In the case at bar we have, in addition to the fact of a joint account being opened, an express agreement creating a joint tenancy and authorizing and directing the bank to deal with the survivor “as sole and absolute owner thereof”.
What is the effect of the agreement prepared by the First National Bank of Ashley, Pa., and signed by Mary Balas and her two daughters, defendants herein? The bank agreed to repay the deposit to either on demand. Its original obligation was a chose in action. As between the mother and the two daughters,, the mother transferred to them an interest in the chose— an interest in the right to receive payment from the bank; she expressed her donative purpose; as part of the evidence of intention she executed and delivered thé agreement creating a joint interest with the right of survivorship.
This account being a joint tenancy with right of survivorship there remains to consider only the effect, if any, of the will upon such joint tenancy.
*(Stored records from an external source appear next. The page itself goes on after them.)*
(* In the setting of the context, let $\Lambda:B\to B'$ be a CPTP map, and for a Choi matrix $J$ (of a channel $\mathcal{E}:A'\to B$) let $J'=(\mathrm{id}_{A'}\otimes\Lambda)(J)$ be the Choi matrix of $\Lambda\circ\mathcal{E}$, and define $\sigma^{g}_{J'},\sigma^{t}_{J'}$ on $AB'$ by the same formulas as $\rho^g_J,\rho^t_J$ with $J'$ in place of $J$. Assume: (a) there is a POVM $\{P'_c\}_{c\in\mathcal{C}'}$ on $AB'$ with $\Phi'_c[\sigma]=\operatorname{Tr}(P'_c\sigma)$ such that $\Phi'_c[(\mathrm{id}_A\otimes\Lambda)(\rho)]=\Phi_c[\rho]$ for all $c$ and all states $\rho$ on $AB$; (b) there are constants $\theta_1,\theta_2$, a subset $\mathcal{F}\subseteq\mathcal{C}'$, a POVM element $M^A$ on $A$ and projectors $\Pi^B$ on $B$, $\Pi^{B'}$ on $B'$ with $\operatorname{Tr}[(M^A\otimes\Pi^{B'})(\mathrm{id}_A\otimes\Lambda)(\rho)]=\operatorname{Tr}[(M^A\otimes\Pi^{B})\rho]$ for all $\rho$, such that $\sum_{c\in\mathcal{F}}\Phi_c[\rho]\ge\theta_1\big(\theta_2-\operatorname{Tr}[(M^A\otimes\Pi^B)\rho]\big)$ for all states $\rho$ on $AB$; (c) $\hat W$ is a real function on states of $AB'$ with $\hat W(\sigma^g_{J'})\le W(\rho^g_J)$ for every Choi matrix $J$. Then for every $\mathbf{g}\in\mathbb{R}^{|\mathcal{C}'|}$, every probability distribution $\mathbf{q}^{\mathrm{hon}}$ on $\mathcal{C}'$ and every $\alpha\in(1,3/2)$, $$\inf_{J}\Big(W(\rho^{g}_J)+\mathbf{g}\cdot(\mathbf{q}^{\mathrm{hon}}-\boldsymbol\Phi[\rho^t_J])-c_\alpha\widetilde V(\boldsymbol\Phi[\rho^t_J],\mathbf{g})\Big)\ \ge\ \inf_{J'\in\mathcal{D}'}\Big(\hat W(\sigma^{g}_{J'})+\mathbf{g}\cdot(\mathbf{q}^{\mathrm{hon}}-\boldsymbol\Phi'[\sigma^t_{J'}])-c_\alpha\widetilde V(\boldsymbol\Phi'[\sigma^t_{J'}],\mathbf{g})\Big),$$ where the left infimum is over all Choi matrices $J$ on $A'B$, $c_\alpha=\frac{\alpha-1}{2-\alpha}\frac{\ln 2}{2}$, and $$\mathcal{D}'=\Big\{J'\ge0 \text{ on } A'B' : \operatorname{Tr}_{B'}J'=\mathbb{1}_{A'},\ \sum_{c\in\mathcal{F}}\Phi'_c[\sigma^t_{J'}]\ge\theta_1\big(\theta_2-\operatorname{Tr}[(M^A\otimes\Pi^{B'})\sigma^t_{J'}]\big)\Big\}.$$
   Context: $A,A',B,B'$ are finite-dimensional systems, $\ket{\xi^g},\ket{\xi^t}$ pure states on $AA'$. A Choi matrix is $J\ge0$ on $A'B$ with $\operatorname{Tr}_B J=\mathbb{1}_{A'}$, and $\rho^{g}_J=\operatorname{Tr}_{A'}[(\mathbb{1}_A\otimes J)(\ket{\xi^g}\!\bra{\xi^g}^{T_{A'}}\otimes\mathbb{1}_B)]$, $\rho^{t}_J$ likewise with $\xi^t$. $W$ is a real-valued function of states on $AB$; $\mathcal{C}'$ is a finite alphabet, $\Phi_c[\rho]=\operatorname{Tr}(P_c\rho)$ for a POVM $\{P_c\}_{c\in\mathcal{C}'}$ on $AB$, $\boldsymbol\Phi=(\Phi_c)_c$. Given $\gamma\in(0,1]$, an integer $d_A\ge1$ and $\kappa\in\{1,2\}$, for a distribution $\mathbf{q}$ on $\mathcal{C}'$ and $\mathbf{g}\in\mathbb{R}^{|\mathcal{C}'|}$, $$\widetilde V(\mathbf{q},\mathbf{g})=\Big(\log_2(1+2d_A^\kappa)+\sqrt{2+\sum_{c}\tfrac{q_c}{\gamma}(\max(\mathbf{g})-g_c)^2-(\max(\mathbf{g})-\mathbf{g}\cdot\mathbf{q})^2}\Big)^2.$$ *)

From HB Require Import structures.
From mathcomp Require Import all_boot all_order all_algebra.
From mathcomp Require Import complex mxtens.
From mathcomp Require Import boolp classical_sets reals constructive_ereal ereal exp.

Set Implicit Arguments.
Unset Strict Implicit.
Unset Printing Implicit Defensive.

Import Order.TTheory GRing.Theory Num.Theory.
Local Open Scope ring_scope.

Section QDefs.
Variable R : realType.
Local Notation C := R[i].

Definition adjmx {m n} (A : 'M[C]_(m, n)) : 'M[C]_(n, m) :=
  (map_mx (fun x : C => x^*) A)^T.

(* positive semidefinite: <v, A v> >= 0 for all v (in a numClosedField,
   0 <= z means z is real and nonnegative) *)
Definition psd {n} (A : 'M[C]_n) : Prop :=
  forall v : 'cV[C]_n, 0 <= (adjmx v *m A *m v) 0 0.

Definition is_state {n} (rho : 'M[C]_n) : Prop := psd rho /\ \tr rho = 1.

Definition unit_vec {n} (v : 'cV[C]_n) : Prop := (adjmx v *m v) 0 0 = 1.
Definition ketbra {n} (v : 'cV[C]_n) : 'M[C]_n := v *m adjmx v.

Definition povm {n} {I : finType} (P : I -> 'M[C]_n) : Prop :=
  (forall c, psd (P c)) /\ \sum_c P c = 1%:M.
Definition povm_elem {n} (M : 'M[C]_n) : Prop := psd M /\ psd (1%:M - M).
Definition projector {n} (P : 'M[C]_n) : Prop := P *m P = P /\ adjmx P = P.

(* Bipartite index conventions: index (i,j) of X (x) Y is mxtens_index (i,j),
   consistent with the Kronecker product  A *t B  of mxtens. *)
Local Notation idx i j := (mxtens_index (i, j)).
Local Notation un k := (mxtens_unindex k).

Definition ptr2 {m n} (M : 'M[C]_(m * n)) : 'M[C]_m :=
  \matrix_(i, i') \sum_(j < n) M (idx i j) (idx i' j).

Definition ptransp2 {m n} (M : 'M[C]_(m * n)) : 'M[C]_(m * n) :=
  \matrix_(k, k') M (idx (un k).1 (un k').2) (idx (un k').1 (un k).2).

Definition ptr_mid {m n p} (M : 'M[C]_(m * (n * p))) : 'M[C]_(m * p) :=
  \matrix_(k, k') \sum_(j < n)
     M (idx (un k).1 (idx j (un k).2)) (idx (un k').1 (idx j (un k').2)).

Definition is_choi {a' b} (J : 'M[C]_(a' * b)) : Prop :=
  psd J /\ ptr2 J = 1%:M.

(* rho_J = Tr_{A'}[(1_A (x) J)(|xi><xi|^{T_{A'}} (x) 1_B)] on AB *)
Definition choi_state {a a' b} (xi : 'cV[C]_(a * a')) (J : 'M[C]_(a' * b))
  : 'M[C]_(a * b) :=
  ptr_mid ((1%:M : 'M[C]_a) *t J *m
     castmx (esym (mulnA a a' b), esym (mulnA a a' b))
            (ptransp2 (ketbra xi) *t (1%:M : 'M[C]_b))).

(* (id_n (x) L)(M) for a map L : M_b -> M_b' (acting blockwise) *)
Definition idtens {n b b'} (L : 'M[C]_b -> 'M[C]_b') (M : 'M[C]_(n * b))
  : 'M[C]_(n * b') :=
  \matrix_(k, k') L (\matrix_(x, y) M (idx (un k).1 x) (idx (un k').1 y))
                    (un k).2 (un k').2.

Definition cptp {b b'} (L : 'M[C]_b -> 'M[C]_b') : Prop :=
  [/\ (forall (c : C) X Y, L (c *: X + Y) = c *: L X + L Y),
      (forall n (M : 'M[C]_(n * b)), psd M -> psd (idtens L M))
    & (forall X, \tr (L X) = \tr X)].

(* Phi_c[rho] = Tr(P_c rho) (real part; it is real on states) *)
Definition Phi {n} {I : finType} (P : I -> 'M[C]_n) (rho : 'M[C]_n) (c : I)
  : R := complex.Re (\tr (P c *m rho)).

Definition prob_dist {I : finType} (q : I -> R) : Prop :=
  (forall c, 0 <= q c) /\ \sum_c q c = 1.

Definition log2 (x : R) : R := ln x / ln 2.

Definition maxv {I : finType} (g : I -> R) : R :=
  fine (\big[Order.max/-oo%E]_(c : I) ((g c)%:E)).

Definition dotv {I : finType} (g q : I -> R) : R := \sum_c g c * q c.

Definition Vtilde (gamma : R) (dA kappa : nat) {I : finType} (q g : I -> R)
  : R :=
  (log2 (1 + 2 * (dA%:R) ^+ kappa) +
   Num.sqrt (2 + \sum_c (q c / gamma) * (maxv g - g c) ^+ 2
               - (maxv g - dotv g q) ^+ 2)) ^+ 2.

Definition c_alpha (alpha : R) : R := (alpha - 1) / (2 - alpha) * (ln 2 / 2).

End QDefs.

From HB Require Import structures.
From mathcomp Require Import all_boot all_order all_algebra.
From mathcomp Require Import complex mxtens.
From mathcomp Require Import boolp classical_sets reals constructive_ereal ereal exp.

Set Implicit Arguments.
Unset Strict Implicit.
Unset Printing Implicit Defensive.

Import Order.TTheory GRing.Theory Num.Theory.
Local Open Scope ring_scope.
Local Open Scope classical_set_scope.

(* The map J |-> rho_J is the congruence rho_J = (X ⊗ 1) J (X† ⊗ 1), where
   X is the a x a' matrix obtained by reshaping |xi>.  Hence it commutes with
   id ⊗ Λ: the Choi matrix J' = (id ⊗ Λ)(J) satisfies
   sigma_J' = (id_A ⊗ Λ)(rho_J), and rho_J is a state.  Hypotheses (a)-(c)
   then say that J' lies in D' with objective value at most that of J, so the
   infimum over D' is at most the infimum over all Choi matrices. *)

Local Notation idx i j := (mxtens_index (i, j)).

Lemma sum_mxtens_index (V : nmodType) m n (F : 'I_(m * n) -> V) :
  \sum_k F k = \sum_(i < m) \sum_(j < n) F (idx i j).
Proof.
rewrite pair_big /=; apply: reindex.
exists (@mxtens_unindex m n) => k _.
  by case: k => i j; rewrite mxtens_indexK.
by rewrite mxtens_unindexK.
Qed.

Lemma sum_delta_mull (K : pzSemiRingType) n (i : 'I_n) (f : 'I_n -> K) :
  \sum_j (i == j)%:R * f j = f i.
Proof.
rewrite (bigD1 i) //= eqxx mul1r big1 ?addr0 // => j.
by rewrite eq_sym => /negbTE ->; rewrite mul0r.
Qed.

Lemma sum_delta_mulr (K : pzSemiRingType) n (i : 'I_n) (f : 'I_n -> K) :
  \sum_j f j * (j == i)%:R = f i.
Proof.
rewrite (bigD1 i) //= eqxx mulr1 big1 ?addr0 // => j /negbTE ->.
by rewrite mulr0.
Qed.

Lemma tens1mx_mulmxE (K : comPzRingType) m m' n p p' (A : 'M[K]_(m, m'))
    (M : 'M[K]_(m' * n, p' * n)) (B : 'M[K]_(p', p)) i y i' y' :
  ((A *t 1%:M) *m M *m (B *t 1%:M)) (idx i y) (idx i' y') =
  \sum_(j < m') \sum_(j' < p') A i j * M (idx j y) (idx j' y') * B j' i'.
Proof.
rewrite mxE sum_mxtens_index [RHS]exchange_big; apply: eq_bigr => j' _ /=.
under eq_bigr => z _ do rewrite tensmxE [1%:M _ _]mxE mulrA.
rewrite sum_delta_mulr mxE sum_mxtens_index mulr_suml; apply: eq_bigr => j _.
under eq_bigr => z _ do rewrite tensmxE [1%:M _ _]mxE mulrAC mulrC.
by rewrite sum_delta_mull.
Qed.

Lemma cast_mxtens_indexA m n p (e : (m * (n * p) = m * n * p)%N) i j k :
  cast_ord e (idx i (idx j k)) = idx (idx i j) k.
Proof. by apply: val_inj; rewrite /= mulnDl -mulnA addnA. Qed.

Section ChoiState.
Variable R : realType.
Local Notation C := R[i].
In the case of Cochrane’s Estate, supra, it was there held that the survivor takes immediately upon the death of one the right to immediate possession, ownership and enjoyment of the entire fund as of the time of the inception of the joint tenancy. The interests of joint tenants are equal. They own the half or part and the whole, per my et per tout. Accordingly, the joint tenancy being prior in point of time to the effective date of the will, the will can have no effect on the right of survivorship.
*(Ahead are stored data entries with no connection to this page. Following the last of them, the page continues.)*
Lemma diam_le (R : realType) (A : set (R * R)) (m : R) : A !=set0 ->
  (forall a b, A a -> A b -> Defs.edist a b <= m) -> diam A <= m.
Proof.
move=> [a Aa] le_m; apply: ge_sup; first by exists (Defs.edist a a), a, a.
by move=> _ [x [y [Ax Ay ->]]]; exact: le_m.
Qed.

Lemma setdist_ge (R : realType) (A B : set (R * R)) (m : R) : A !=set0 -> B !=set0 ->
  (forall a b, A a -> B b -> m <= Defs.edist a b) -> m <= setdist A B.
Proof.
move=> [a Aa] [b Bb] ge_m; apply: lb_le_inf; first by exists (Defs.edist a b), a, b.
by move=> _ [x [y [Ax By ->]]]; exact: ge_m.
Qed.

Lemma compact_bary_lbound (R : realType) (K : set (R * R)) : compact K ->
  exists M : R, forall z, K z ->
    [/\ M <= baryb z, M <= baryc z & M <= 1 - baryb z - baryc z].
Proof.
move=> /compact_bounded[M [_ leM]]; exists (- 4 * (M + 1)) => z Kz.
have := leM (M + 1) (ltr_pwDr ltr01 (lexx M)) z Kz.
rewrite /= prod_normE ge_max => /andP[le1 le2].
have s0 := @sqrt3_gt0 R; have := sqr_sqrtr (ler0n R 3); rewrite expr2 => s3.
have le3 : `|z.2 / Num.sqrt 3| <= M + 1.
  apply: le_trans le2; rewrite normrM normfV [`|Num.sqrt 3|]ger0_norm ?(ltW s0) //.
  by rewrite ler_pdivrMr // ler_peMr //; nra.
move: le1 le3; rewrite /baryb /baryc -mulrA !ler_norml => /andP[? ?] /andP[? ?].
by split; lra.
Qed.

Section Gasket.
Variables (R : realType) (N : nat) (r : nat -> R) (d : nat -> R * R) (K : set (R * R)).
Hypothesis gasketK : is_fractal_gasket N r d K.

Local Notation word I := (all (fun i => (i < N)%N) I).

Definition ratio (I : seq nat) : R := foldr (fun i a => r i * a) 1 I.

Lemma r_gt0 j : (j < N)%N -> 0 < r j.
Proof. by case: gasketK => + _ _ _ _ => /[apply] /andP[]. Qed.

Lemma r_lt1 j : (j < N)%N -> r j < 1.
Proof. by case: gasketK => + _ _ _ _ => /[apply] /andP[]. Qed.

Lemma cell_sub_triangle j : (j < N)%N -> sim (r j) (d j) @` triangle `<=` triangle.
Proof. by case: gasketK => _ + _ _ _; apply. Qed.

Lemma ratio_gt0 I : word I -> 0 < ratio I.
Proof.
by elim: I => [|i I IH] //= /andP[/r_gt0 ri /IH]; apply: mulr_gt0.
Qed.

Lemma ratio_le1 I : word I -> ratio I <= 1.
Proof.
elim: I => [|i I IH] //= /andP[iN wI].
by rewrite mulr_ile1 ?IH // ltW ?r_lt1 ?r_gt0 ?ratio_gt0.
Qed.

Lemma cell_neq0 I : phiw r d I @` K !=set0.
Proof. by case: gasketK => _ _ _ [[z Kz] _] _; exists (phiw r d I z), z. Qed.

Lemma bdist_phiw I z w : word I ->
  bdist (phiw r d I z) (phiw r d I w) = ratio I * bdist z w.
Proof.
elim: I => [|i I IH] /=; first by rewrite mul1r.
by move=> /andP[iN wI]; rewrite bdist_sim ?IH ?mulrA // ltW ?r_gt0.
Qed.

Lemma phiw_triangle I z : word I -> triangle z -> triangle (phiw r d I z).
Proof.
elim: I => [|i I IH] //= /andP[iN wI] tz.
by apply: (cell_sub_triangle iN); exists (phiw r d I z) => //; apply: IH.
Qed.

Lemma K_sub_triangle : K `<=` triangle.
Proof.
case: gasketK => _ _ _ [K0 cK] K_cells.
have [M leM] := compact_bary_lbound cK.
have [e e0 le_e] := finite_pos_lbound [seq 1 - r j | j <- iota 0 N].
(* Each of b, c, 1 - b - c is bounded below on K and satisfies f (φ_j y) ≥ r_j f y. *)
have ge0 (f : R * R -> R) : (forall z, K z -> M <= f z) ->
    (forall j y, (j < N)%N -> r j * f y <= f (sim (r j) (d j) y)) ->
    forall z, K z -> 0 <= f z.
  move=> lbf stepf; apply: (@contraction_lbound_ge0 _ _ _ _ (1 - e)) => //.
  - by rewrite ltrBlDr ltrDl.
  - by exists M.
  move=> x; rewrite {1}K_cells => -[j jN [y Ky <-]]; exists y => //; exists (r j).
    have jI : j \in iota 0 N by rewrite mem_iota.
    have rj1 : 0 < 1 - r j by rewrite subr_gt0 r_lt1.
    have := le_e _ (map_f (fun i => 1 - r i) jI) rj1.
    by move=> le_e1; apply/andP; split; [exact/ltW/r_gt0 | lra].
  exact: stepf.
have cell_par j : (j < N)%N -> [/\ 0 <= r j * baryb (d j), 0 <= r j * baryc (d j)
    & r j * baryb (d j) + r j * baryc (d j) + r j <= 1].
  move=> jN; apply: htri_sub_triangle; first exact/ltW/r_gt0.
  by rewrite -sim_triangle ?r_gt0 //; apply: cell_sub_triangle.
move=> z Kz; rewrite triangle_htri; split.
- apply: (ge0 (@baryb R) _ _ z Kz); first by move=> ? /leM[].
  by move=> j y /cell_par[? ? ?]; rewrite baryb_sim; lra.
- apply: (ge0 (@baryc R) _ _ z Kz); first by move=> ? /leM[].
  by move=> j y /cell_par[? ? ?]; rewrite baryc_sim; lra.
- suff : 0 <= 1 - baryb z - baryc z by lra.
  apply: (ge0 (fun z => 1 - baryb z - baryc z) _ _ z Kz); first by move=> ? /leM[].
  by move=> j y /cell_par[? ? ?]; rewrite /= baryb_sim baryc_sim; lra.
Qed.

Definition vertex_sep_const (c : R) := forall I p, word I -> p \in vertices ->
  ~ (phiw r d I @` K) p -> forall z, (phiw r d I @` K) z -> c * ratio I <= bdist z p.

Lemma exists_vertex_sep_const : exists2 c, 0 < c & vertex_sep_const c.
Proof.
have clK : closed K.
  by case: gasketK => _ _ _ [_ cK] _; apply: compact_closed cK; apply: norm_hausdorff.
have [eK eK0 le_eK] := closed_bdist_lbound vertices clK.
have [e e0 le_e] := finite_pos_lbound
  [seq bdist (sim (r j) (d j) p) p | j <- iota 0 N, p <- vertices].
exists (Num.min eK e); first by rewrite lt_min eK0.
elim=> [|j I IH] p /=.
  move=> _ pV npK _ [z Kz <-]; rewrite mulr1 ge_min le_eK //.
  by move=> Kp; apply: npK; exists p.
move=> /andP[jN wI] pV npI _ [y Ky <-].
have [fixp|nfixp] := pselect (sim (r j) (d j) p = p).
  have npI' : ~ (phiw r d I @` K) p.
    by case=> y' Ky' ey'; apply: npI; exists y' => //=; rewrite ey' fixp.
  rewrite -[X in bdist _ X]fixp bdist_sim ?(ltW (r_gt0 jN)) // mulrCA.
  by rewrite ler_wpM2l ?(ltW (r_gt0 jN)) //; apply: IH => //; exists y.
have jcell : (sim (r j) (d j) @` triangle) (sim (r j) (d j) (phiw r d I y)).
  by exists (phiw r d I y) => //; apply: phiw_triangle => //; apply: K_sub_triangle.
have := sim_vertex_closest (r_gt0 jN) (cell_sub_triangle jN) pV jcell.
have jI : j \in iota 0 N by rewrite mem_iota.
have := le_e _ (allpairs_f (fun j p => bdist (sim (r j) (d j) p) p) jI pV) (bdist_gt0 nfixp).
have le1 : r j * ratio I <= 1 by apply: (ratio_le1 (I := j :: I)); rewrite /= jN.
have min_e : Num.min eK e <= e by rewrite ge_min lexx orbT.
have min0 : 0 <= Num.min eK e by rewrite le_min !ltW.
have := ler_piMr min0 le1; lra.
Qed.

Definition cell_overlap i j := overlap (r i * baryb (d i)) (r i * baryc (d i)) (r i)
  (r j * baryb (d j)) (r j * baryc (d j)) (r j).

Definition contact i j := bary (Num.max (r i * baryb (d i)) (r j * baryb (d j)))
  (Num.max (r i * baryc (d i)) (r j * baryc (d j))).

Lemma contactC i j : contact i j = contact j i.
Proof. by rewrite /contact maxC [Num.max (r i * baryc _) _]maxC. Qed.

Lemma cell_overlap_le0 i j : (i < N)%N -> (j < N)%N -> i <> j -> cell_overlap i j <= 0.
Proof.
move=> iN jN ij; rewrite leNgt; apply/negP => /overlap_gt0[z [zi zj]].
rewrite -sim_triangle ?r_gt0 // in zi; rewrite -sim_triangle ?r_gt0 // in zj.
case: gasketK => _ _ meet _ _.
have [[v /tri_vertex_vertices vV ->] _] := meet i j iN jN ij z zi zj.
by rewrite sim_vertex.
Qed.

Lemma subcell_sub_cell i I z : word I -> (phiw r d (i :: I) @` K) z ->
  (sim (r i) (d i) @` triangle) z.
Proof.
move=> wI [y Ky <-]; exists (phiw r d I y) => //.
by apply: phiw_triangle => //; apply: K_sub_triangle.
Qed.

Lemma cells_disjoint_cons i I J :
  phiw r d (i :: I) @` K `&` phiw r d (i :: J) @` K = set0 ->
  phiw r d I @` K `&` phiw r d J @` K = set0.
Proof.
move=> dis; apply/seteqP; split => // x [[y Ky ey] [y' Ky' ey']].
have : (phiw r d (i :: I) @` K `&` phiw r d (i :: J) @` K) (sim (r i) (d i) x).
  by split; [exists y | exists y']; rewrite /= ?ey ?ey'.
by rewrite dis.
Qed.

Lemma contact_sep c i j I z w : vertex_sep_const c ->
  (i < N)%N -> (j < N)%N -> i <> j -> cell_overlap i j = 0 -> word I ->
  ~ (phiw r d (i :: I) @` K) (contact i j) -> (phiw r d (i :: I) @` K) z ->
  (sim (r j) (d j) @` triangle) w -> c * ratio (i :: I) <= 4 * bdist z w.
Proof.
move=> sepc iN jN ij ov0 wI nv zI; rewrite sim_triangle ?r_gt0 // => wj.
have zi := subcell_sub_cell wI zI; rewrite sim_triangle ?r_gt0 // in zi.
have vi := overlap0_contact ov0.
have vj : htri (r j * baryb (d j)) (r j * baryc (d j)) (r j) (contact i j).
  have ov0' : cell_overlap j i = 0 by rewrite /cell_overlap overlapC.
  by rewrite contactC; exact: overlap0_contact ov0'.
rewrite -sim_triangle ?r_gt0 // in vi; rewrite -sim_triangle ?r_gt0 // in vj.
case: gasketK => _ _ meet _ _.
have [[p /tri_vertex_vertices pV ep] _] := meet i j iN jN ij _ vi vj.
case: zI => y Ky ez.
have npI : ~ (phiw r d I @` K) p.
  by case=> y' Ky' ey'; apply: nv; exists y' => //=; rewrite ey'; exact: esym ep.
have := sepc I p wI pV npI (phiw r d I y) (ex_intro2 _ _ y Ky erefl).
have := overlap0_bdist ov0 zi wj; rewrite ep -ez /=.
rewrite bdist_sim ?(ltW (r_gt0 iN)) //.
have := r_gt0 iN; nra.
Qed.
A review of the authorities in this Commonwealth on the proposition as to what effect a will has on a joint tenancy with right of survivorship, indicates that the question has been very seldom decided. However, the *470very old case of Duncan v. Forrer, 6 Binney 192 (Pa., 1813), is directly on point with the case at bar. In that case plaintiff and one Patterson bought some property as joint tenants with right of survivorship, but in his will Patterson endeavored to bequeath his one half interest in the property. The Supreme Court said that if the joint tenancy was not severed in the lifetime of Patterson, his will could not operate upon it, nor defeat the jus accrescendi. This case was never cited until 1925 when the case of Hoffert v. Bastian et al., 54 D. & C. 146, held that the will of decedent was inoperative as far as the rights of the survivor were concerned. In that case, premises were conveyed to A and B “as tenants by the entireties with the right of survivor-ship”. The grantees were Laura T. Schwoyer and Lillian M. Gernerd (now Lillian M. Hoffert). Laura T. Schwoyer died, testate, having made a will dated after the conveyance to her and Lillian M. Hoffert. In the will she directed that her one half of the premises should be sold and certain distribution made of the proceeds. The court held that even though the grantees were designated as tenants by the entireties, the intention was to create a joint tenancy with right of survi-vorship. The court further held that the will of decedent was inoperative as far as the rights of the survivor were concerned because such rights date from the date of the creation of the joint tenancy. Each joint tenant holds the whole from the beginning. The learned judge also quotes from 2 Blackstone 653, sec. 185, as follows:
“ ‘But a devise of one’s share by will is no severance of the jointure for no testament takes effect till after the death of the testator, and by such death the right of the survivor (which accrued at the original creation of the estate, and has therefore a priority to the other) is already vested’ ”: Hoffert v. Bastian et al., supra, at page 151.
Accordingly, now, April 24,1951, preliminary objections are sustained and bill of complaint dismissed.